SetSymbolNames("Mnist_L1_Memory", "Mnist_L2_Memory");
// Standard data types are used, we import CNN basic kernels
SetUsedFilesNames(0, 1, "CNN_BasicKernels.h");
// Auto Tiler generated files
SetGeneratedFilesNames("MnistKernels.c", "MnistKernels.h");
// L1 shared memory given to Auto Tiler
SetL1MemorySize(L1Memory);

There are some options that can be enabled at graph level, for instance trace execution, or generate warm construct/destruct functions. These options can be defined here and will be applied to the whole graph:

AT_SetGraphCtrl(AT_GRAPH_PRODUCE_NODE_NAMES, AT_OPT_ON);
AT_SetGraphCtrl(AT_GRAPH_TRACE_EXEC, AT_OPT_ON);
#ifdef WARM_GRAPH
AT_SetGraphCtrl(AT_GRAPH_WARM_CONSTRUCT, AT_OPT_VAL(3));
#endif

The kernel libraries are loaded for usage by the tiler:

LoadCNNLibrary();

The layer parameters are defined by the code below:

// 5x5 Convolution followed by ReLu and then by 2x2 Max pooling. Pure SW.
// 1 input plane [28x28], 32 output planes [12x12]
CNN_ConvolutionPoolReLU("Conv5x5ReLUMaxPool2x2_0",   0, 2,2,2,2, 0,0,0,0,   1,32,28,28,  KOP_CONV, 5,5, 1,1, 1,1, 0,  KOP_MAXPOOL,   2,2, 1,1, 2,2, 1, KOP_RELU);
// 5x5 Convolution followed by ReLu and then by 2x2 Max pooling.
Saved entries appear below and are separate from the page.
Theorem theorem18 (R : realType) (d1 d2 k : nat) (X : 'M[R[i]]_(d1 * d2)) :
  (d1 <= d2)%N ->
  psd X ->
  ~ (X = 0) ->
  schmidt_number_is X k ->
  (2 <= k)%N ->
  exists m : 'I_(d1 - k + 2) -> 'I_d1,
    injective m /\ entangled (subblock X m).
Proof.
move=> _ psdX _ [_ SN_min] k_ge2.
have k_le_d1 : (k <= d1)%N by apply/SN_min/SN_coef_le_SN_le/SN_coef_le_dim.
apply: NNPP => no_entangled.
have sepX (m : 'I_(d1 - k + 2) -> 'I_d1) : injective m -> separable (subblock X m).
  move=> injm; apply: NNPP => not_sep; apply: no_entangled.
  by exists m; split => //; split => //; apply: psd_subblock.
move: (SN_coef_le_subblocks psdX sepX) => /(_ (k - 2)%N).
rewrite (_ : (k - 2 + (d1 - k + 2))%N = d1); last by lia.
move=> /(_ id (@inj_id _)); rewrite subblock_id => /SN_coef_le_SN_le /SN_min.
lia.
Qed.
(* Let $n\ge1$ and let $\lambda_1,\dots,\lambda_n$ be distinct complex numbers with $\mathrm{Re}(\lambda_j)>-1/2$ for all $j$. Then for every Müntz polynomial $P(x)=\sum_{j=1}^na_jx^{\lambda_j}$ ($x\in(0,1]$) with $a_j\in\mathbb{C}$, $$\|xP'(x)\|_{L_2[0,1]} \le \left(\max_{1\le j\le n}|\lambda_j| + \left(\sum_{j=1}^n\left(1+2\mathrm{Re}(\lambda_j)\right)\sum_{k=j+1}^n\left(1+2\mathrm{Re}(\lambda_k)\right)\right)^{1/2}\right)\|P\|_{L_2[0,1]}.$$
   Context: $x^{\lambda}:=e^{\lambda\log x}$ for $x\in(0,1]$; $\|g\|_{L_2[0,1]}=(\int_0^1|g(x)|^2dx)^{1/2}$. *)

From Stdlib Require Import Reals Lra.
Open Scope R_scope.

Definition Cx : Type := (R * R)%type.
Definition Re (z : Cx) : R := fst z.
Definition Im (z : Cx) : R := snd z.
Definition Cplus (z w : Cx) : Cx := (Re z + Re w, Im z + Im w).
Definition Cmult (z w : Cx) : Cx :=
  (Re z * Re w - Im z * Im w, Re z * Im w + Im z * Re w).
Definition Cexp (z : Cx) : Cx := (exp (Re z) * cos (Im z), exp (Re z) * sin (Im z)).
Definition Cnorm2 (z : Cx) : R := Re z ^ 2 + Im z ^ 2.
Definition Cmod (z : Cx) : R := sqrt (Cnorm2 z).

Definition cpow (x : R) (lam : Cx) : Cx := Cexp (Cmult lam (ln x, 0)).

Fixpoint Csum (n : nat) (f : nat -> Cx) : Cx :=
  match n with O => (0, 0) | S m => Cplus (Csum m f) (f m) end.
Fixpoint Rsum (n : nat) (f : nat -> R) : R :=
  match n with O => 0 | S m => Rsum m f + f m end.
Pure SW.
// 32 input planes [12x12], 64 output planes [4x4]
CNN_ConvolutionPoolReLU("Conv5x5ReLUMaxPool2x2_1",   0, 2,2,2,2, 0,0,0,0,   32,64,12,12,  KOP_CONV, 5,5, 1,1, 1,1, 0,  KOP_MAXPOOL,   2,2, 1,1, 2,2, 1, KOP_RELU);
// Linear Layer, Input, Output and Coeffs on 16bits.
// Input 64 x [4x4], Output 10
CNN_LinearReLU         ("LinearLayerReLU_1",        0, 2,2,2,2, 0,0,0,0,   64*4*4,10, KOP_LINEAR, KOP_NONE);

Then there is the graph topology description, i.e. how the nodes are connected together and how input/outputs/constants are passed through the graph.

//Open Graph Creation
CreateGraph("MnistCNN",
/* Arguments either passed or globals */
//Here goes input, output and layers parameters(weights and biases)
//ConstInfo function takes as input a tensor in CxHxW format and create a single binary file charged in gap8 flash
//It can take in input float and automaticcaly convert in fixed point format
CArgs(8,
    TCArgInfo("short int *__restrict__", "Input0", ARG_SCOPE_ARG, ARG_DIR_IN, AT_MEM_L2, AT_MEM_UNDEF, 0),
    TCArgInfo("short int *__restrict__", "Step1Weights", ARG_SCOPE_GLOBAL, ARG_DIR_CONSTIN, AT_MEM_L3_DEFAULTFLASH, AT_MEM_UNDEF, ConstInfo("Step1Weights.tensor", 1, 1, 16, 0)),
    ....
);
);
//Node Connections with arguments
AddNode("Conv5x5ReLUMaxPool2x2_0", //Name of the Generated Layer
Bindings(4,                //Number of parameters that genereted layers has and that needs to be connected
    //void Conv5x5ReLUMaxPool2x2_0(
    GNodeArg(GNA_IN, "Input0", 0),          //short int * __restrict__ In,
    GNodeArg(GNA_IN, "Step1Weights", 0),    //short int * __restrict__ Filter,
    GNodeArg(GNA_IN, "Step1Biases", 0),     //short int * __restrict__ Bias,
    GNodeArg(GNA_OUT, "OutputStep2", 0)    //short int * __restrict__ Out
)
);
....